Ну и ладно, не поцелуемся мы на сцене. Какая разница! Я просто обниму его, замру, оцепенею, прижмусь щекой к его щеке и, радостно прислушиваясь к восторженным аплодисментам из зала, буду придумывать себе счастливые сны на неделю вперёд. Я абсолютно уверена, что самый наш главный поцелуй ещё впереди, когда он явится, случится, прозвучит, всё провалится в трамтарарам. Вместо неба будет влюбовь, вместо солнца будет тоже влюбовь, а вместо серой действительности заколышется море клубничного варенья, и лепестки роз алыми бабочками упадут на наши ресницы, прохладно запорхают у наших губ. Примерно так, что-то в этом роде… И будет у нас примерное поведение. И все останутся довольны постановкой. И родительский комитет будет утирать слёзы гордости и восторга. И педсовет будет счастлив. И Ирина получит благодарность, грамоту и ленинскую премию за великолепно поставленный спектакль. И чудесная птица с далёкой планеты «Ага» щедро какнет всем на воротник. И слава Петуховой за это отныне и во веки веков!
Тараньки голодная стая
«Полина, ты, ей-богу, не пойми нас превратно, я говорю от нашего общего, совместного имени…»

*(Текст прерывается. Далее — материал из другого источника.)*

(* Let $n,m\ge 1$, let $\vec k=(k_1,\dots,k_m)$ be a vector of positive integer capacities with $k_1+\dots+k_m<n$, let $\vec x\in[0,1]^n$ and $\vec y\in[0,1]^m$. Then the First-Come-First-Served game associated with $\vec x$, $\vec y$ and $\vec k$ admits at least one pure Nash Equilibrium.
   Context: There are $n$ agents with positions $\vec x=(x_1,\dots,x_n)\in[0,1]^n$ and $m$ facilities with capacities $k_1,\dots,k_m$; $\vec y=(y_1,\dots,y_m)$ is a facility location, $y_j$ being the position of the facility of capacity $k_j$. A fixed total priority order on the agents is used to break ties. The First-Come-First-Served (FCFS) game induced by $(\vec x,\vec y)$: each agent $i$ chooses a pure strategy $s_i\in\{1,\dots,m\}$; for a profile $\vec s$, let $\mathcal S_j$ be the set of agents choosing $j$, and let $T_j\subseteq\mathcal S_j$ consist of the $\min(k_j,|\mathcal S_j|)$ agents of $\mathcal S_j$ with the smallest distances $|x_i-y_j|$ (ties broken by the priority order). The utility of agent $i$ is $u_i(\vec x,\vec y;\vec s)=1-|x_i-y_j|$ if $i\in T_j$ for some $j$, and $0$ otherwise. A pure Nash Equilibrium is a profile from which no agent can strictly increase its utility by unilaterally changing its strategy. *)

From mathcomp Require Import all_boot all_order all_algebra.
Set Implicit Arguments. Unset Strict Implicit. Unset Printing Implicit Defensive.
Import Order.TTheory GRing.Theory Num.Theory.
Local Open Scope ring_scope.

(* Agents are 'I_n, facilities are 'I_m.  x i = position of agent i,
   y j = position of facility j (capacity k j).  The fixed total priority
   order on agents is given by an injective rank [prio : 'I_n -> nat]:
   agent a has priority over agent b iff prio a < prio b. *)

Section FCFS.
Variables (R : realFieldType) (n m : nat).
Variables (x : 'I_n -> R) (y : 'I_m -> R) (k : 'I_m -> nat) (prio : 'I_n -> nat).

Definition dist (i : 'I_n) (j : 'I_m) : R := `|x i - y j|.

(* a precedes b at facility j: strictly closer, or equally close with
   higher priority (the lexicographic order used to select T_j). *)
Definition precedes (j : 'I_m) (a b : 'I_n) : bool :=
  (dist a j < dist b j) || ((dist a j == dist b j) && (prio a < prio b)%N).

(* i belongs to T_j for j = s i: i is among the k_j first agents of S_j
   in the order [precedes j] (equivalently among the min(k_j,|S_j|) first). *)
Definition served (s : 'I_n -> 'I_m) (i : 'I_n) : bool :=
  (#|[set a | (s a == s i) && precedes (s i) a i]| < k (s i))%N.

Definition utility (s : 'I_n -> 'I_m) (i : 'I_n) : R :=
  if served s i then 1 - dist i (s i) else 0.

Definition deviate (s : 'I_n -> 'I_m) (i : 'I_n) (j : 'I_m) : 'I_n -> 'I_m :=
  fun a => if a == i then j else s a.

Definition pure_NE (s : 'I_n -> 'I_m) : Prop :=
  forall (i : 'I_n) (j : 'I_m), utility (deviate s i j) i <= utility s i.

End FCFS.

From mathcomp Require Import all_boot all_order all_algebra.
From mathcomp Require Import lra.
Import Order.TTheory GRing.Theory Num.Theory.
Set Implicit Arguments. Unset Strict Implicit. Unset Printing Implicit Defensive.
Local Open Scope ring_scope.

(* The equilibrium is built greedily: as long as some unassigned agent can be
   placed at a facility that is not yet full, assign the agent-facility pair
   of smallest distance, ties broken by priority.  The resulting partial
   assignment is stable: a facility that an agent prefers to its own (every
   facility, for an unassigned agent) is full, and filled with agents who
   precede that agent there.  Sending the unassigned agents anywhere then
   gives an equilibrium: assigned agents are served, and every profitable
   deviation is to a facility where the deviator is crowded out. *)

Section FCFSEquilibrium.
Variables (R : realFieldType) (n m : nat).
Variables (x : 'I_n -> R) (y : 'I_m -> R) (k : 'I_m -> nat) (prio : 'I_n -> nat).
Hypothesis prio_inj : injective prio.

Local Notation d := (dist x y).
Local Notation precedes := (precedes x y prio).
Local Notation served := (served x y k prio).
Local Notation utility := (utility x y k prio).

Definition claim_key (a : 'I_n) (j : 'I_m) : R *l nat := (d a j, prio a).

Lemma precedesE j a b : precedes j a b = (claim_key a j < claim_key b j)%O.
Proof. by rewrite /precedes /claim_key ltxi_pair; case: ltgtP; rewrite //= ltnNge. Qed.

Lemma precedes_irr j a : ~~ precedes j a a.
Proof. by rewrite precedesE ltxx. Qed.

Lemma precedes_asym j a b : precedes j a b -> ~~ precedes j b a.
Proof. by rewrite !precedesE => /lt_gtF ->. Qed.

Implicit Types (M : 'I_n -> option 'I_m) (a b c i : 'I_n) (j : 'I_m).

Definition load M j := #|[set a | M a == Some j]|.
Definition full M j := (k j <= load M j)%N.
Definition available M a j := (M a == None) && ~~ full M j.
Definition prefers M a j := if M a is Some j' then d a j < d a j' else true.
Definition assign M c jc a := if a == c then Some jc else M a.

Definition stable M := [/\ forall j, (load M j <= k j)%N,
  forall a b j, M b = Some j -> prefers M a j -> precedes j b a &
  forall a j, M a != None -> prefers M a j -> full M j].

Lemma load_assign M c jc j : M c = None ->
  load (assign M c jc) j = (load M j + (j == jc))%N.
Proof.
move=> Mc; rewrite /load; have [->|ne_j] := eqVneq j jc.
  rewrite (_ : [set a | _] = c |: [set a | M a == Some jc]).
    by rewrite cardsU1 inE Mc addnC.
  by apply/setP => a; rewrite !inE /assign; case: (eqVneq a c) => [->|]; rewrite ?eqxx.
rewrite addn0; apply: eq_card => a; rewrite !inE /assign.
case: (eqVneq a c) => [->|//]; rewrite Mc; apply/negbTE.
by apply: contra ne_j => /eqP[->].
Qed.

Lemma full_assign M c jc j : M c = None -> full M j -> full (assign M c jc) j.
Proof. by move=> Mc; rewrite /full load_assign // => /leq_trans->; rewrite ?leq_addr. Qed.

Lemma prefers_assign M c jc a j : M c = None ->
  prefers (assign M c jc) a j -> prefers M a j.
Proof. by move=> Mc; rewrite /prefers /assign; case: eqVneq => [->|]; rewrite ?Mc. Qed.

Lemma stable_empty : stable (fun=> None).
Proof.
by split=> // j; rewrite /load (_ : [set a | _] = set0) ?cards0 //; apply/setP.
Qed.

Section GreedyStep.
Variables (M : 'I_n -> option 'I_m) (c : 'I_n) (jc : 'I_m).
Hypotheses (stableM : stable M) (avail_c : available M c jc).
Hypothesis min_c : forall a j, available M a j -> (claim_key c jc <= claim_key a j)%O.

Let Mc : M c = None. Proof. by case/andP: avail_c => /eqP. Qed.
Let nfull_c : ~~ full M jc. Proof. by case/andP: avail_c. Qed.

Lemma stable_assign_cap j : (load (assign M c jc) j <= k j)%N.
Proof.
have [cap _ _] := stableM; rewrite load_assign //.
by case: eqVneq => [->|_]; rewrite ?addn1 ?ltnNge ?addn0.
Qed.

Lemma stable_assign_precedes a b j : assign M c jc b = Some j ->
  prefers (assign M c jc) a j -> precedes j b a.
Proof.
have [_ prec fullM] := stableM.
rewrite {1}/assign.
case: (eqVneq b c) => [-> [<-] | _ Mb /(prefers_assign Mc)]; last exact: prec.
move=> pref_a; have ne_ac : a != c.
  by apply: contraTneq pref_a => ->; rewrite /prefers /assign eqxx ltxx.
case Ma: (M a) => [ja|].
  by move: nfull_c; rewrite (fullM a jc) ?Ma ?(prefers_assign Mc pref_a).
have: (claim_key c jc <= claim_key a jc)%O by apply: min_c; rewrite /available Ma.
by rewrite le_eqVlt -precedesE => /orP[/eqP[_ /prio_inj ac]|//]; rewrite ac eqxx in ne_ac.
Qed.

Lemma stable_assign_full a j : assign M c jc a != None ->
  prefers (assign M c jc) a j -> full (assign M c jc) j.
Proof.
have [_ _ fullM] := stableM.
move=> assigned_a pref_a; apply: full_assign => //.
have [eq_ac | ne_ac] := eqVneq a c; last first.
  by apply: fullM (prefers_assign Mc pref_a); rewrite /assign (negbTE ne_ac) in assigned_a.
move: pref_a; rewrite eq_ac /prefers /assign eqxx; apply: contraTT => nfull_j.
have := min_c (a := c) (j := j); rewrite /available Mc nfull_j => /(_ isT).
by rewrite /claim_key lexi_pair -leNgt => /andP[].
Qed.

Lemma stable_assign : stable (assign M c jc).
Proof.
split; [exact: stable_assign_cap | exact: stable_assign_precedes |].
exact: stable_assign_full.
Qed.

End GreedyStep.

Lemma stable_saturated_exists :
  exists2 M, stable M & forall a j, ~~ available M a j.
Proof.
suff: forall M, stable M -> exists2 M', stable M' & forall a j, ~~ available M' a j.
  by apply; exact: stable_empty.
move=> M0; have [N] := ubnP #|[set a | M0 a == None]|.
elim: N M0 => // N IH M ltN stableM.
have [p0 avail0|none] := pickP (fun p : 'I_n * 'I_m => available M p.1 p.2); last first.
  by exists M => // a j; rewrite (none (a, j)).
have [[c jc] /= avail_c min_c] :=
  @arg_minP _ _ _ p0 (fun p => available M p.1 p.2) (fun p => claim_key p.1 p.2) avail0.
apply: (IH (assign M c jc)); last first.
  by apply: stable_assign => // a j /(min_c (a, j)).
have Mc : M c = None by case/andP: avail_c => /eqP.
have -> : [set a | assign M c jc a == None] = [set a | M a == None] :\ c.
  by apply/setP => a; rewrite !inE /assign; case: (eqVneq a c).
by rewrite (cardsD1 c) inE Mc in ltN.
Qed.

Lemma saturated_prefers_full M a j : stable M -> ~~ available M a j ->
  prefers M a j -> full M j.
Proof.
case=> _ _ fullM; rewrite /available; case Ma: (M a) => [ja|] /=; last by rewrite negbK.
by move=> _; apply: fullM; rewrite Ma.
Qed.

Definition profile (j0 : 'I_m) M a := odflt j0 (M a).

Lemma served_assigned j0 M a j : stable M -> M a = Some j -> served (profile j0 M) a.
Proof.
case=> cap prec _ Ma; rewrite /served /profile Ma /=.
apply: leq_trans (cap j); apply: proper_card; apply/properP; split.
  apply/subsetP => b; rewrite !inE /profile; case Mb: (M b) => [jb|] /=.
    by case/andP=> /eqP->.
  case/andP=> _; apply: contraLR => _; apply: precedes_asym.
  by apply: prec Ma _; rewrite /prefers Mb.
by exists a; rewrite !inE ?Ma // (negbTE (precedes_irr _ _)) andbF.
Qed.

Lemma crowded_out M (s : 'I_n -> 'I_m) i j : full M j -> s i = j ->
  (forall b, M b = Some j -> s b = j /\ precedes j b i) -> ~~ served s i.
Proof.
move=> fullj si crowd; rewrite /served si -leqNgt; apply: leq_trans fullj _.
apply: subset_leq_card; apply/subsetP => b; rewrite !inE => /eqP /crowd[-> ->].
by rewrite eqxx.
Qed.

Section Utility.
Hypothesis d_le1 : forall a j, d a j <= 1.

Lemma utility_ge0 s a : 0 <= utility s a.
Proof. by rewrite /utility; case: ifP => // _; rewrite subr_ge0. Qed.

Lemma utility_le s a : utility s a <= 1 - d a (s a).
Proof. by rewrite /utility; case: ifP => // _; rewrite subr_ge0. Qed.

Lemma stable_profile_NE j0 M : stable M -> (forall a j, ~~ available M a j) ->
  pure_NE x y k prio (profile j0 M).
Proof.
move=> stableM saturated i j; set s := profile j0 M.
have dev_i : deviate s i j i = j by rewrite /deviate eqxx.
have [pref | npref] := boolP (prefers M i j).
  suff /negbTE unserved : ~~ served (deviate s i j) i.
    by rewrite /utility unserved utility_ge0.
  apply: (crowded_out (saturated_prefers_full stableM (saturated i j) pref)) => //.
  have [_ prec _] := stableM.
  move=> b Mb; have prec_bi := prec _ _ _ Mb pref; split => //.
  have ne_bi : b != i by apply: contraTneq prec_bi => ->; exact: precedes_irr.
  by rewrite /deviate (negbTE ne_bi) /s /profile Mb.
move: npref; rewrite /prefers; case Mi: (M i) => [ji|//]; rewrite -leNgt => le_d.
rewrite {2}/utility (served_assigned j0 stableM Mi) /s /profile Mi /=.
by apply: le_trans (utility_le _ _) _; rewrite dev_i lerB.
Qed.

End Utility.

End FCFSEquilibrium.

Lemma dist_le1 (R : realFieldType) (n m : nat) (x : 'I_n -> R) (y : 'I_m -> R) :
  (forall i, 0 <= x i <= 1) -> (forall j, 0 <= y j <= 1) ->
  forall i j, dist x y i j <= 1.
Proof.
move=> hx hy i j; rewrite /dist ler_norml.
by move: (hx i) (hy j) => /andP[? ?] /andP[? ?]; apply/andP; split; lra.
Qed.

Theorem theorem1 (R : realFieldType) (n m : nat)
  (x : 'I_n -> R) (y : 'I_m -> R) (k : 'I_m -> nat) (prio : 'I_n -> nat) :
  (1 <= n)%N -> (1 <= m)%N ->
  (forall j, (0 < k j)%N) ->
  (\sum_(j < m) k j < n)%N ->
  (forall i, 0 <= x i <= 1) ->
  (forall j, 0 <= y j <= 1) ->
  injective prio ->
  exists s : 'I_n -> 'I_m, pure_NE x y k prio s.
Proof.
move=> _ m_gt0 _ _ hx hy prio_inj.
have [M stableM saturated] := stable_saturated_exists x y k prio_inj.
exists (profile (Ordinal m_gt0) M).
exact: stable_profile_NE (dist_le1 hx hy) _ _ stableM saturated.
Qed.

Так началась моя речь в тот чудный бархатный вечер, под треск кузнечиков и ворчание пыльной, усталой листвы. Началась и внезапно оборвалась, оставив Полину наедине с тревожными раздумьями. Высказавшись так кратко и невнятно, я извинилась и, икая, ушла напиться воды.
Неясные раздумья Полины во время моего недолгого отсутствия причудливо ветвились и переплетались, обильно подпитываемые следующими её впечатлениями: во-первых, моё состояние было удручающим и вопреки просьбам племянницы заставляло её мыслить как раз превратно; во-вторых, явилась я одна, а речь молола от какого-то мифического совместного имени; в-третьих, в руках я держала известную шляпу с загнутыми концами, которая была с горкой наполнена свежей рыбой; в-четвёртых, левая туфля на ноге отсутствовала, и на моём лице беспорядочными узорами лежали пятна сажи, словно у Золушки, которая с горячностью юной девушки рванула на бал, забыв помыться; в-пятых, на спине у меня, валко уходящей на водопой, грязным по зелёному размазанно кричала надпись: «Спокойно, Боря, я Жук».
Полине страшно хотелось узнать перво-наперво: о каком Боре идёт речь, и кто такой этот таинственный «Жук». Однако, когда я наконец вернулась, сверкая влажным посветлевшим лицом и приглаженными мокрыми волосами, она, скрепя сердце, начала по порядку. Почему в таком виде? Что ещё за «совместное имя» и где Жорж? Откуда рыба? Куда подевалась туфля? А про Борю и Жука решила: само выплывет в ходе беседы.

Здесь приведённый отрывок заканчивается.